▶ _Task objective_
Extract the first line through the line containing "have -> : (fun M => \sum_(0" from the listing below, exactly as written.

▶ _Record set_
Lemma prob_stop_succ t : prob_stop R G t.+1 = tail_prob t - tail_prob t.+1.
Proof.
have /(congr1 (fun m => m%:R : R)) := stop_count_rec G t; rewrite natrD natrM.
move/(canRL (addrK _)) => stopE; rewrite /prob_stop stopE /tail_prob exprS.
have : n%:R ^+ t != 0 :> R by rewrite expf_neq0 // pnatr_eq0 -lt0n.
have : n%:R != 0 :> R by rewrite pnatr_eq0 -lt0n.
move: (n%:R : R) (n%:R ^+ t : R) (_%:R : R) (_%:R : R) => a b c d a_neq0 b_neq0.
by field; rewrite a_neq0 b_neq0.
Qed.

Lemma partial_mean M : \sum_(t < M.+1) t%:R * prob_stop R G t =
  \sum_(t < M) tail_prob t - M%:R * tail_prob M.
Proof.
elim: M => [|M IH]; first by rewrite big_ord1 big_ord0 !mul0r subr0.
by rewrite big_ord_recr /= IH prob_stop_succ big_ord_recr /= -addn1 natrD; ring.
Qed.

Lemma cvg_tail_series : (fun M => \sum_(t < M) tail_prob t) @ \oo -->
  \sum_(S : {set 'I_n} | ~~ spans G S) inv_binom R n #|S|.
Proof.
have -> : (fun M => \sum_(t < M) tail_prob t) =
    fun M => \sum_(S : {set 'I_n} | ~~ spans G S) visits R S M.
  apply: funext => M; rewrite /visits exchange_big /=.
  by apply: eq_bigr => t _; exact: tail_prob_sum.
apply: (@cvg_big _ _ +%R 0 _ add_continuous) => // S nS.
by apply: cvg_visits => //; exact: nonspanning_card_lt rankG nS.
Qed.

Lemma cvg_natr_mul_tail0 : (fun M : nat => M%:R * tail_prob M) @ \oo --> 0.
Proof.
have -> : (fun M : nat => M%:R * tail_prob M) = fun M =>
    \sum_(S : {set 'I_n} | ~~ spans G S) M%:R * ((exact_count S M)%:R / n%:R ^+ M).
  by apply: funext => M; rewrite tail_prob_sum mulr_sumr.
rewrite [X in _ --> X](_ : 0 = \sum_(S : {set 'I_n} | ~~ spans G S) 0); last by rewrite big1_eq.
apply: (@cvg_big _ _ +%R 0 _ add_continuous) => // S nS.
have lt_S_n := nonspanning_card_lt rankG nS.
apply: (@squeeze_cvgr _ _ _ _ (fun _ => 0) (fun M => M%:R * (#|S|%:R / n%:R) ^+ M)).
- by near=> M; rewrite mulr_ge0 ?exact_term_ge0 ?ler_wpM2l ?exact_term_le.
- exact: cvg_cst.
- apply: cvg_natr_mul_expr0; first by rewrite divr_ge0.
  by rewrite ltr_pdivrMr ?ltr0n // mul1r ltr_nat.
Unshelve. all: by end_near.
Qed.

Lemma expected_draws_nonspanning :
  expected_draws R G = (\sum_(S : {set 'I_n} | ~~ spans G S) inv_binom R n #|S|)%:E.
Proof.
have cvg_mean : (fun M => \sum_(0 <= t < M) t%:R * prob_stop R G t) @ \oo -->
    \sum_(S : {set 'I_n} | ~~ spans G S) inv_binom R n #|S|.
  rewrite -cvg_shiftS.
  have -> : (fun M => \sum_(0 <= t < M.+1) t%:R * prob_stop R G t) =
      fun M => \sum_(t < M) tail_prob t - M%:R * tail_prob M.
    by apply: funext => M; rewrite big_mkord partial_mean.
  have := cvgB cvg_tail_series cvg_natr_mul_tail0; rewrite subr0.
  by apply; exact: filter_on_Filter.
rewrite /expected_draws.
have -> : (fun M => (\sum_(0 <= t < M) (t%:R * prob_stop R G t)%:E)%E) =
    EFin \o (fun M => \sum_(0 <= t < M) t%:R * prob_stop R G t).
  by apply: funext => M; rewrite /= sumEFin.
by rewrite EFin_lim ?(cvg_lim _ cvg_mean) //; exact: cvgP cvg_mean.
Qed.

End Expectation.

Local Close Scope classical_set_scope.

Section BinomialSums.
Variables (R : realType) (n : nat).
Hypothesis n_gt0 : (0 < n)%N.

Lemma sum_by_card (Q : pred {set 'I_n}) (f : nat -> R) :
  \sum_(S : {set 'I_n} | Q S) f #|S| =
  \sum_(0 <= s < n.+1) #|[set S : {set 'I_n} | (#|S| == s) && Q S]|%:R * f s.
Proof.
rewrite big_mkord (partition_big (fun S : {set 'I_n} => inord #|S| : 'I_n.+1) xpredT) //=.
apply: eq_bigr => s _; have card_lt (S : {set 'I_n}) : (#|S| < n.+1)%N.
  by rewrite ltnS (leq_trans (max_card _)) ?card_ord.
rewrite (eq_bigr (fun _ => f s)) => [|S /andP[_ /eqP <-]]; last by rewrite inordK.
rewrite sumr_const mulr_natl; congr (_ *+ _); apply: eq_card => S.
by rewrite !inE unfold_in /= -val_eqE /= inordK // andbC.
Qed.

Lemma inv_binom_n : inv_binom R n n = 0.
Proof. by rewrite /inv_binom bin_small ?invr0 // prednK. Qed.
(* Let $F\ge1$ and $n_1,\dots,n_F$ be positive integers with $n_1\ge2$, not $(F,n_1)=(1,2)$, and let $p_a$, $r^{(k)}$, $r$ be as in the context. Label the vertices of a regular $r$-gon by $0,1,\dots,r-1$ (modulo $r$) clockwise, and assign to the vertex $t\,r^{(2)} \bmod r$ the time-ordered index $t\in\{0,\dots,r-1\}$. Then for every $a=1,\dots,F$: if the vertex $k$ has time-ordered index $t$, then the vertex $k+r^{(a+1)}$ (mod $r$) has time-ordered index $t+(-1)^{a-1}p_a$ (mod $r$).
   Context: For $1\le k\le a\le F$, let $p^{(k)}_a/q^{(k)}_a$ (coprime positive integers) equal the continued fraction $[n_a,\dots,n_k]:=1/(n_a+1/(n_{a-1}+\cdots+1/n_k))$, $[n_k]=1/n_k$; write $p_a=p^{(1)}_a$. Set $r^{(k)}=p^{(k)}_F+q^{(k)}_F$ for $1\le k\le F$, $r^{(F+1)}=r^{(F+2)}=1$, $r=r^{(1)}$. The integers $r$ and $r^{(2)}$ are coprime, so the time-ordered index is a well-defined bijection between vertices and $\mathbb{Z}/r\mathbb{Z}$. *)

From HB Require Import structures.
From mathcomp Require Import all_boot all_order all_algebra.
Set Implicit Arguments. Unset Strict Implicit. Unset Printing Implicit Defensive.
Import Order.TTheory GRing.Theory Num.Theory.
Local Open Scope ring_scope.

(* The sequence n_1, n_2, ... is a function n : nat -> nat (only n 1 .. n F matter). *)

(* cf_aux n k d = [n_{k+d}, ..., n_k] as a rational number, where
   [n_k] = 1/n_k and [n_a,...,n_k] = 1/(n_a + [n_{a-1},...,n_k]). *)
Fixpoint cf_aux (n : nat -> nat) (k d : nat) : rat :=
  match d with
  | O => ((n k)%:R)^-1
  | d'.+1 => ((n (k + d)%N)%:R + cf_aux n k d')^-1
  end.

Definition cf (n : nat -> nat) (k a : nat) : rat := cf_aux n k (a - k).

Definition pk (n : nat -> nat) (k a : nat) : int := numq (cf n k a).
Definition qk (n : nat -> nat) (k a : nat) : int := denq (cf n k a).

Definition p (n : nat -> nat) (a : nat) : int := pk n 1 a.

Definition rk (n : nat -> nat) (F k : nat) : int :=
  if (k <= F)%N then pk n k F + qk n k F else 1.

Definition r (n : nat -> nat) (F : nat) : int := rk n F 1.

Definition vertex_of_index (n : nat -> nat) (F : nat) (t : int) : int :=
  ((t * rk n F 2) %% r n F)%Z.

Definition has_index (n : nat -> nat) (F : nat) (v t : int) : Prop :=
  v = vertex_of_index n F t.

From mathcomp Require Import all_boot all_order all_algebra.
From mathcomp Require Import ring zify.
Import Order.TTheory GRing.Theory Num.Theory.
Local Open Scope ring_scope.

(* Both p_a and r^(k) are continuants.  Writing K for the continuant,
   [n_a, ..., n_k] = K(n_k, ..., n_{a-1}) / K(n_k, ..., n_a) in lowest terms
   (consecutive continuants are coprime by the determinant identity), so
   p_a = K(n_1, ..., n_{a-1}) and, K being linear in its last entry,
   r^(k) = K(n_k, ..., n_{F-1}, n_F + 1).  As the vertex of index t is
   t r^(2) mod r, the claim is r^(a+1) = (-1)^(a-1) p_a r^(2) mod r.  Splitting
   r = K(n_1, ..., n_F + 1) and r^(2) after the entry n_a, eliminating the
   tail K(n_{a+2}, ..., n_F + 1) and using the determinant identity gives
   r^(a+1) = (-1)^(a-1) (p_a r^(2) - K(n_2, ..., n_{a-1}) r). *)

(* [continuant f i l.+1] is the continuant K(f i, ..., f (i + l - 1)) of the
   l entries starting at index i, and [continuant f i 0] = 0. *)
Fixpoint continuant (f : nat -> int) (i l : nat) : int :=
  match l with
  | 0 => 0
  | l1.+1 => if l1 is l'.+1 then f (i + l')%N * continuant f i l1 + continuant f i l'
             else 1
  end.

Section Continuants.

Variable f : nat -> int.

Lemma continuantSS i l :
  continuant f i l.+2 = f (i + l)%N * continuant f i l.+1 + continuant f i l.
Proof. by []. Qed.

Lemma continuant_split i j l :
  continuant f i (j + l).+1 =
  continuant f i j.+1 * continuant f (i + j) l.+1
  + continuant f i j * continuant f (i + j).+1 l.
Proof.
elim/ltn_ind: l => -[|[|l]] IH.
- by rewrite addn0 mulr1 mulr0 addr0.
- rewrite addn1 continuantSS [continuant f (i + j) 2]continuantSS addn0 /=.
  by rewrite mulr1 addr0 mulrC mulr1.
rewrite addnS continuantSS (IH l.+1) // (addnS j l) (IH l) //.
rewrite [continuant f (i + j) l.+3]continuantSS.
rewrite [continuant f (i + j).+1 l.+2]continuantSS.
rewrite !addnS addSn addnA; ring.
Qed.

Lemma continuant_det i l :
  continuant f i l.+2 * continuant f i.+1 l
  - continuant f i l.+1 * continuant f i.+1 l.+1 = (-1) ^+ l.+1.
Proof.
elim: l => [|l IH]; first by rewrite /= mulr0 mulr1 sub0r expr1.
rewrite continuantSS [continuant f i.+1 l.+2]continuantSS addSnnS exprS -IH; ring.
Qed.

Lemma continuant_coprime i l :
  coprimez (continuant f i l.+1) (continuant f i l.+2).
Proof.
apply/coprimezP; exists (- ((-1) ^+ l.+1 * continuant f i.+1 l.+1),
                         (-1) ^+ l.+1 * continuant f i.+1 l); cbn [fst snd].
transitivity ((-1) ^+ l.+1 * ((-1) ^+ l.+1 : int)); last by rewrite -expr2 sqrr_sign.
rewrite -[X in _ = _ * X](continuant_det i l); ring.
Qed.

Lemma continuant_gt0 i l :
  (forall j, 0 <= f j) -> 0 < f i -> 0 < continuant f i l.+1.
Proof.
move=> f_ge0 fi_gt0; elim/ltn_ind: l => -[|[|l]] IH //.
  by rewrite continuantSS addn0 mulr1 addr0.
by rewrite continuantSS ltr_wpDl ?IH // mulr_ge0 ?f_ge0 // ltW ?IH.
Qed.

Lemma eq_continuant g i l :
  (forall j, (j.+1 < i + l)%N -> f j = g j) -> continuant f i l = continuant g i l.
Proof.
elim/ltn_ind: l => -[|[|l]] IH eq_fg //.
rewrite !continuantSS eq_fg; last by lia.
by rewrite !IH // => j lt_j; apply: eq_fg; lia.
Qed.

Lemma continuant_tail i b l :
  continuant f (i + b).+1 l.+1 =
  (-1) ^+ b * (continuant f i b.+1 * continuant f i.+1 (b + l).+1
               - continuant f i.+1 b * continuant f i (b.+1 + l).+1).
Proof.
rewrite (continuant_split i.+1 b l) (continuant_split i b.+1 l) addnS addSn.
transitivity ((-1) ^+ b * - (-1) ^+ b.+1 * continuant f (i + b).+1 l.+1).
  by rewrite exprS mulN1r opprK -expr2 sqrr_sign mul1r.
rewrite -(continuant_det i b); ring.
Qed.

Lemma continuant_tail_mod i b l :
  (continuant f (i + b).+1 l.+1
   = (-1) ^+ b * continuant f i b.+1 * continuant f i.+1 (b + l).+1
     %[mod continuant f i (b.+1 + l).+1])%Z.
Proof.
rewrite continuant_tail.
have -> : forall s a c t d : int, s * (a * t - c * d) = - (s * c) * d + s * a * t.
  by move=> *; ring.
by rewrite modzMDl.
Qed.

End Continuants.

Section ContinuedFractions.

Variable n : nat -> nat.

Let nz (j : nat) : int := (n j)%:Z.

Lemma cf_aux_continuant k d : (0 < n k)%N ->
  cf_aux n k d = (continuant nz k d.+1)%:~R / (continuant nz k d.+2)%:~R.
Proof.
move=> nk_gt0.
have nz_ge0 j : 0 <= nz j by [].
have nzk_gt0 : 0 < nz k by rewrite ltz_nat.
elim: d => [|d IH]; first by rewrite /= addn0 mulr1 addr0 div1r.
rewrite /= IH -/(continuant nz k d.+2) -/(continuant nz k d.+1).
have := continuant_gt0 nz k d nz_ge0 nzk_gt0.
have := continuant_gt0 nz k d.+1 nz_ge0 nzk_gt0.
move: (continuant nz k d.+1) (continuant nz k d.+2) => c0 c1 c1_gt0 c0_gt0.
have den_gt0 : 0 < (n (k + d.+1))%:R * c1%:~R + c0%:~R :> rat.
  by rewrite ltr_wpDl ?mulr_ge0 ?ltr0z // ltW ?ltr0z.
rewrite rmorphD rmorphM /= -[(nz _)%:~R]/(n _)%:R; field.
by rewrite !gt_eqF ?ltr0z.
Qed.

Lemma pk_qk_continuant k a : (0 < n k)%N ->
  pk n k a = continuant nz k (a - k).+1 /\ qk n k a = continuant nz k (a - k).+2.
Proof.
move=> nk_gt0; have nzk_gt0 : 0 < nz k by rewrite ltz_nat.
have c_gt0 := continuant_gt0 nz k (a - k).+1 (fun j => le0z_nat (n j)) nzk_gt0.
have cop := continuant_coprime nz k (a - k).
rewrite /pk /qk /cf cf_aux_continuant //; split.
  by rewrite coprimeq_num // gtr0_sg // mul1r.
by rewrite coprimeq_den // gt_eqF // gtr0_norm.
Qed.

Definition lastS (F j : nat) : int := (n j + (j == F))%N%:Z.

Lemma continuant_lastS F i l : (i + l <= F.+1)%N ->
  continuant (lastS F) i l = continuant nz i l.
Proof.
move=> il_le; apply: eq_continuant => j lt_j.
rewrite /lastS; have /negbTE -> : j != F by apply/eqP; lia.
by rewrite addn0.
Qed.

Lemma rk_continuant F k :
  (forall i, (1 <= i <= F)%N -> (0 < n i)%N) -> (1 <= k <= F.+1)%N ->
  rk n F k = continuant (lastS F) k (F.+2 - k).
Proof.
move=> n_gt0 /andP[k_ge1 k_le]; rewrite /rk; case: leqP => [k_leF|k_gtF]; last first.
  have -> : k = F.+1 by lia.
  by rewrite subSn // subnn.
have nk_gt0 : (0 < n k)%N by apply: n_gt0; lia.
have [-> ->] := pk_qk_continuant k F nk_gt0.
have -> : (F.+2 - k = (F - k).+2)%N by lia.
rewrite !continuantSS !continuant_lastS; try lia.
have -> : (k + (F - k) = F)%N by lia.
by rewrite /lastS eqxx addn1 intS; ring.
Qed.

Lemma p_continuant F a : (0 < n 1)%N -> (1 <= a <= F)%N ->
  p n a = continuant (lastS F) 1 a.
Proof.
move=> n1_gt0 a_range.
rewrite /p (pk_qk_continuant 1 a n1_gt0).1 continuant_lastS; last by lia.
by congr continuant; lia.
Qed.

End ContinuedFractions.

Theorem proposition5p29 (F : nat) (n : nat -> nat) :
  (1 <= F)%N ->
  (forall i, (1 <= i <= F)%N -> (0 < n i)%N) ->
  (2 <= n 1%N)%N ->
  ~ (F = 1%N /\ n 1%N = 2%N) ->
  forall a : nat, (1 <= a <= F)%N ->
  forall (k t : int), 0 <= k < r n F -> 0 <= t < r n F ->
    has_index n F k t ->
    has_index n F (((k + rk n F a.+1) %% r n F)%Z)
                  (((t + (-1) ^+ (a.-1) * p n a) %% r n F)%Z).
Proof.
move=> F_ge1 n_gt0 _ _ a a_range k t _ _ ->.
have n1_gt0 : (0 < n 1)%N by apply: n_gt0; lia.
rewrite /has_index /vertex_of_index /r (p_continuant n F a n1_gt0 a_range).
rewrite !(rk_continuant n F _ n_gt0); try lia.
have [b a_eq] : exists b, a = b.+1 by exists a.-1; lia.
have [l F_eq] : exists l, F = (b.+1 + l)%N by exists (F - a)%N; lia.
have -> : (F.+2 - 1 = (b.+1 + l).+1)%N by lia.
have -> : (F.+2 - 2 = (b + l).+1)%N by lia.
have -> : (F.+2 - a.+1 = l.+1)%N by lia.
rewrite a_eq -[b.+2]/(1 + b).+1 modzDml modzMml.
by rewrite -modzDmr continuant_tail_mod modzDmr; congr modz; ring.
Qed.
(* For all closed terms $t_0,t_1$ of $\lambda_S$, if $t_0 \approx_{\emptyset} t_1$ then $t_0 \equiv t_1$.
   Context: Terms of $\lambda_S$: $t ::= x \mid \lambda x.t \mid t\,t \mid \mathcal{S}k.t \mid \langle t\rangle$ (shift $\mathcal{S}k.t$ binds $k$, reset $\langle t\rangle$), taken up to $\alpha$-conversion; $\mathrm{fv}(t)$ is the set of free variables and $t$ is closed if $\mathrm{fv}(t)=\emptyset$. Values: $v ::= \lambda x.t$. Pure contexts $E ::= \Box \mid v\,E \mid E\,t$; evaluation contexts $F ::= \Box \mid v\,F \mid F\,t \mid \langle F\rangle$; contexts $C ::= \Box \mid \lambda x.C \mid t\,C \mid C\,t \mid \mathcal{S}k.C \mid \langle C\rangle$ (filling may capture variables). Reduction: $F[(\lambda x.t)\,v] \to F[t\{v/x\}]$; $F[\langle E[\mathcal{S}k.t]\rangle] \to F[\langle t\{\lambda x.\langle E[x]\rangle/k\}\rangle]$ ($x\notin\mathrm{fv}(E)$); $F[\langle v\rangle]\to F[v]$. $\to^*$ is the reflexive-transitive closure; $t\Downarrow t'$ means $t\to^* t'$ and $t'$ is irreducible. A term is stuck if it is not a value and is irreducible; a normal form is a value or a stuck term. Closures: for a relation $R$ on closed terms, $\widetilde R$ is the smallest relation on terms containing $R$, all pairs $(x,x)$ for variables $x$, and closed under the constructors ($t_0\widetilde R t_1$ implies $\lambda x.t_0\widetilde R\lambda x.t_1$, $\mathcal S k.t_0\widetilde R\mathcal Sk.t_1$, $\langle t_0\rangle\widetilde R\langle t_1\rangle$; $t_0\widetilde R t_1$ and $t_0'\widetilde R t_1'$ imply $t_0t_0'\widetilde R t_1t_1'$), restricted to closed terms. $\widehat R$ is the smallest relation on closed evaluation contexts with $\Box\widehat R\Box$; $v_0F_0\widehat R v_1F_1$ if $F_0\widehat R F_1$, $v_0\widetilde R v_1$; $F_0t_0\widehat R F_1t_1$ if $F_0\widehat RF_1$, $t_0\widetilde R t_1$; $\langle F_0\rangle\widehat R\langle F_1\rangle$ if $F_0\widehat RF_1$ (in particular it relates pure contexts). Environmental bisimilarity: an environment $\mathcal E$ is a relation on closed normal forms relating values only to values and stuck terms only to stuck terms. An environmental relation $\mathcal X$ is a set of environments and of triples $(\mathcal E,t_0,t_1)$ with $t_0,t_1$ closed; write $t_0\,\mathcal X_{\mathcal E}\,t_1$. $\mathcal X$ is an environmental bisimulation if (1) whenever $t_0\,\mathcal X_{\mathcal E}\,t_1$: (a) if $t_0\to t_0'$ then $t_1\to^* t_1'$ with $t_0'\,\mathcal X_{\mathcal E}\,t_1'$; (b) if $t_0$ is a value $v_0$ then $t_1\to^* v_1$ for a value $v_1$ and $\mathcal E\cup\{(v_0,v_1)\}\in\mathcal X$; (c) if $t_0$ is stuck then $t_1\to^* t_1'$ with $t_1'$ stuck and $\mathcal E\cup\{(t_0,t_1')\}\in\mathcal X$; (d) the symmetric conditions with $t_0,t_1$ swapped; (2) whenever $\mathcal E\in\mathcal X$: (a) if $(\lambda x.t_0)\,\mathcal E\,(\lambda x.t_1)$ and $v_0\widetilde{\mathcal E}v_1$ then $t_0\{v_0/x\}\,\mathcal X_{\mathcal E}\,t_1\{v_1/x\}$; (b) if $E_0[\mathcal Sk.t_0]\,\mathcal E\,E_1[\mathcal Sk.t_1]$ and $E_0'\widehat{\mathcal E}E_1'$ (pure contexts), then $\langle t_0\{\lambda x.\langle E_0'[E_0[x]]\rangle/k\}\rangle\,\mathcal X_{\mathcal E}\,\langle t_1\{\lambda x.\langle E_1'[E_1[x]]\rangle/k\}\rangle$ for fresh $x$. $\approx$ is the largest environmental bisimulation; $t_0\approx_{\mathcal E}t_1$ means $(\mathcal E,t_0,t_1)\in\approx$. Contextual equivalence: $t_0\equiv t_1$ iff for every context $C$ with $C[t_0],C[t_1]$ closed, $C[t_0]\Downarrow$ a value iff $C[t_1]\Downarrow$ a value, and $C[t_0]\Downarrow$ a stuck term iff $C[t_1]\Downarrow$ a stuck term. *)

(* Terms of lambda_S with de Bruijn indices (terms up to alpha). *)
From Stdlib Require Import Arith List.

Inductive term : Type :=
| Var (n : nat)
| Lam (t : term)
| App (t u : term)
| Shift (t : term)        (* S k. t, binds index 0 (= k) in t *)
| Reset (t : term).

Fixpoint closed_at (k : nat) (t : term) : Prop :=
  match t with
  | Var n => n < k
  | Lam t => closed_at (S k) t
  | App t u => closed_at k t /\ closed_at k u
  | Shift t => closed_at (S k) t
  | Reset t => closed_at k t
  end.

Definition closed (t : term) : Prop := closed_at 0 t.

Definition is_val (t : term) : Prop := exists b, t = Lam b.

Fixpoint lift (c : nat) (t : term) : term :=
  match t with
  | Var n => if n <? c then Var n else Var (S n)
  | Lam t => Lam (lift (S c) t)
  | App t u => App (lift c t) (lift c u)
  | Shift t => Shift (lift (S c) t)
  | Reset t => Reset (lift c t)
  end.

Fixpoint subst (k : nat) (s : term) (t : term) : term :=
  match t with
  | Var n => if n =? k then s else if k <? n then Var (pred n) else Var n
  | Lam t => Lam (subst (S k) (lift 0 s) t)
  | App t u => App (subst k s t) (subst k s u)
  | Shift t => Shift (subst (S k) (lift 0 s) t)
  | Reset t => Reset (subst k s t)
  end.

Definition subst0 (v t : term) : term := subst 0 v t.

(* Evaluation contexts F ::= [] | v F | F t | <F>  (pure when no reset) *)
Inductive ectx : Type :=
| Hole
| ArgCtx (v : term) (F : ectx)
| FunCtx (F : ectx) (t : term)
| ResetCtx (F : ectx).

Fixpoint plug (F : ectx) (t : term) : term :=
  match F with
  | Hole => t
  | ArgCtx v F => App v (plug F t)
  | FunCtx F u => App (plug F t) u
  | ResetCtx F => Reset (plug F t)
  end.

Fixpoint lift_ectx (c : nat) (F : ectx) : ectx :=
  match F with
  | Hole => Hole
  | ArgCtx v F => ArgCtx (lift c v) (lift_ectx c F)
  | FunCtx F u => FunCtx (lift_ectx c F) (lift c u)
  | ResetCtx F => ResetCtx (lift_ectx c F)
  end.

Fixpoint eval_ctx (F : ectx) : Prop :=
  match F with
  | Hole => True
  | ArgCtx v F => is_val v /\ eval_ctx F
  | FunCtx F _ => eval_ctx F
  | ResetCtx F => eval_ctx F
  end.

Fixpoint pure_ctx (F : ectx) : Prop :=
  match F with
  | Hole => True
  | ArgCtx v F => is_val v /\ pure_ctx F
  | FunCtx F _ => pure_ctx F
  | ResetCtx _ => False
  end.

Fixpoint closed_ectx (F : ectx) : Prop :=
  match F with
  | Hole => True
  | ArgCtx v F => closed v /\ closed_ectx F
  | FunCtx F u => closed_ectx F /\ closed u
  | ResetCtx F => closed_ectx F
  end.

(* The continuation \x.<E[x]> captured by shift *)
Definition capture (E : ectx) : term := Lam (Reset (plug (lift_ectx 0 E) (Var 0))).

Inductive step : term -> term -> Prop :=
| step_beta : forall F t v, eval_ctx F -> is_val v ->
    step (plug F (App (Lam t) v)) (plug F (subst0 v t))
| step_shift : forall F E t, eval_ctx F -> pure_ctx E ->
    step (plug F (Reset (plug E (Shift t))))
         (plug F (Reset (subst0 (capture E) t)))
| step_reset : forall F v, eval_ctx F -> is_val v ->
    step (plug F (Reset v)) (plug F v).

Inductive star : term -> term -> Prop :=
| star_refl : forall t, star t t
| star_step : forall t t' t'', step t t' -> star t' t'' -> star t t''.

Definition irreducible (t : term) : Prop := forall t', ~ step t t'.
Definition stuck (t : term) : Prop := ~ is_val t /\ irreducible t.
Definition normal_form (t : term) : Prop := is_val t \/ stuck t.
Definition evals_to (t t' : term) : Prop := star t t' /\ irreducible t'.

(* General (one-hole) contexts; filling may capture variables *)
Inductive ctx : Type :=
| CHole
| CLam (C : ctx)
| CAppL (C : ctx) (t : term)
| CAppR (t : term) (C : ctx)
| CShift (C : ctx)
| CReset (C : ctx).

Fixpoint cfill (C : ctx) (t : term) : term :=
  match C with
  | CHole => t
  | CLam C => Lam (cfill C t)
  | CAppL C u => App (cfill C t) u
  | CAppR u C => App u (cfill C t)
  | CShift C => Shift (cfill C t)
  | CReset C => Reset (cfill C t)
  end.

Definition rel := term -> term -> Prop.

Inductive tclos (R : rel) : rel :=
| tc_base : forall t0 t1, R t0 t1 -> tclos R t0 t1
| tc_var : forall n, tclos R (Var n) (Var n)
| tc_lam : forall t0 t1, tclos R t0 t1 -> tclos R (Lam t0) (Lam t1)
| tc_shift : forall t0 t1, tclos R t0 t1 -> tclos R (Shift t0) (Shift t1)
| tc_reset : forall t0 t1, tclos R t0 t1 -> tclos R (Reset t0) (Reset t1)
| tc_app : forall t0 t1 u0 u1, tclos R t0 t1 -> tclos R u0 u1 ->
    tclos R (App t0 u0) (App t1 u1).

▶ _Solved exercise_
Lemma prob_stop_succ t : prob_stop R G t.+1 = tail_prob t - tail_prob t.+1.
Proof.
have /(congr1 (fun m => m%:R : R)) := stop_count_rec G t; rewrite natrD natrM.
move/(canRL (addrK _)) => stopE; rewrite /prob_stop stopE /tail_prob exprS.
have : n%:R ^+ t != 0 :> R by rewrite expf_neq0 // pnatr_eq0 -lt0n.
have : n%:R != 0 :> R by rewrite pnatr_eq0 -lt0n.
move: (n%:R : R) (n%:R ^+ t : R) (_%:R : R) (_%:R : R) => a b c d a_neq0 b_neq0.
by field; rewrite a_neq0 b_neq0.
Qed.

Lemma partial_mean M : \sum_(t < M.+1) t%:R * prob_stop R G t =
  \sum_(t < M) tail_prob t - M%:R * tail_prob M.
Proof.
elim: M => [|M IH]; first by rewrite big_ord1 big_ord0 !mul0r subr0.
by rewrite big_ord_recr /= IH prob_stop_succ big_ord_recr /= -addn1 natrD; ring.
Qed.

Lemma cvg_tail_series : (fun M => \sum_(t < M) tail_prob t) @ \oo -->
  \sum_(S : {set 'I_n} | ~~ spans G S) inv_binom R n #|S|.
Proof.
have -> : (fun M => \sum_(t < M) tail_prob t) =
    fun M => \sum_(S : {set 'I_n} | ~~ spans G S) visits R S M.
  apply: funext => M; rewrite /visits exchange_big /=.
  by apply: eq_bigr => t _; exact: tail_prob_sum.
apply: (@cvg_big _ _ +%R 0 _ add_continuous) => // S nS.
by apply: cvg_visits => //; exact: nonspanning_card_lt rankG nS.
Qed.

Lemma cvg_natr_mul_tail0 : (fun M : nat => M%:R * tail_prob M) @ \oo --> 0.
Proof.
have -> : (fun M : nat => M%:R * tail_prob M) = fun M =>
    \sum_(S : {set 'I_n} | ~~ spans G S) M%:R * ((exact_count S M)%:R / n%:R ^+ M).
  by apply: funext => M; rewrite tail_prob_sum mulr_sumr.
rewrite [X in _ --> X](_ : 0 = \sum_(S : {set 'I_n} | ~~ spans G S) 0); last by rewrite big1_eq.
apply: (@cvg_big _ _ +%R 0 _ add_continuous) => // S nS.
have lt_S_n := nonspanning_card_lt rankG nS.
apply: (@squeeze_cvgr _ _ _ _ (fun _ => 0) (fun M => M%:R * (#|S|%:R / n%:R) ^+ M)).
- by near=> M; rewrite mulr_ge0 ?exact_term_ge0 ?ler_wpM2l ?exact_term_le.
- exact: cvg_cst.
- apply: cvg_natr_mul_expr0; first by rewrite divr_ge0.
  by rewrite ltr_pdivrMr ?ltr0n // mul1r ltr_nat.
Unshelve. all: by end_near.
Qed.

Lemma expected_draws_nonspanning :
  expected_draws R G = (\sum_(S : {set 'I_n} | ~~ spans G S) inv_binom R n #|S|)%:E.
Proof.
have cvg_mean : (fun M => \sum_(0 <= t < M) t%:R * prob_stop R G t) @ \oo -->
    \sum_(S : {set 'I_n} | ~~ spans G S) inv_binom R n #|S|.
  rewrite -cvg_shiftS.
  have -> : (fun M => \sum_(0 <= t < M.+1) t%:R * prob_stop R G t) =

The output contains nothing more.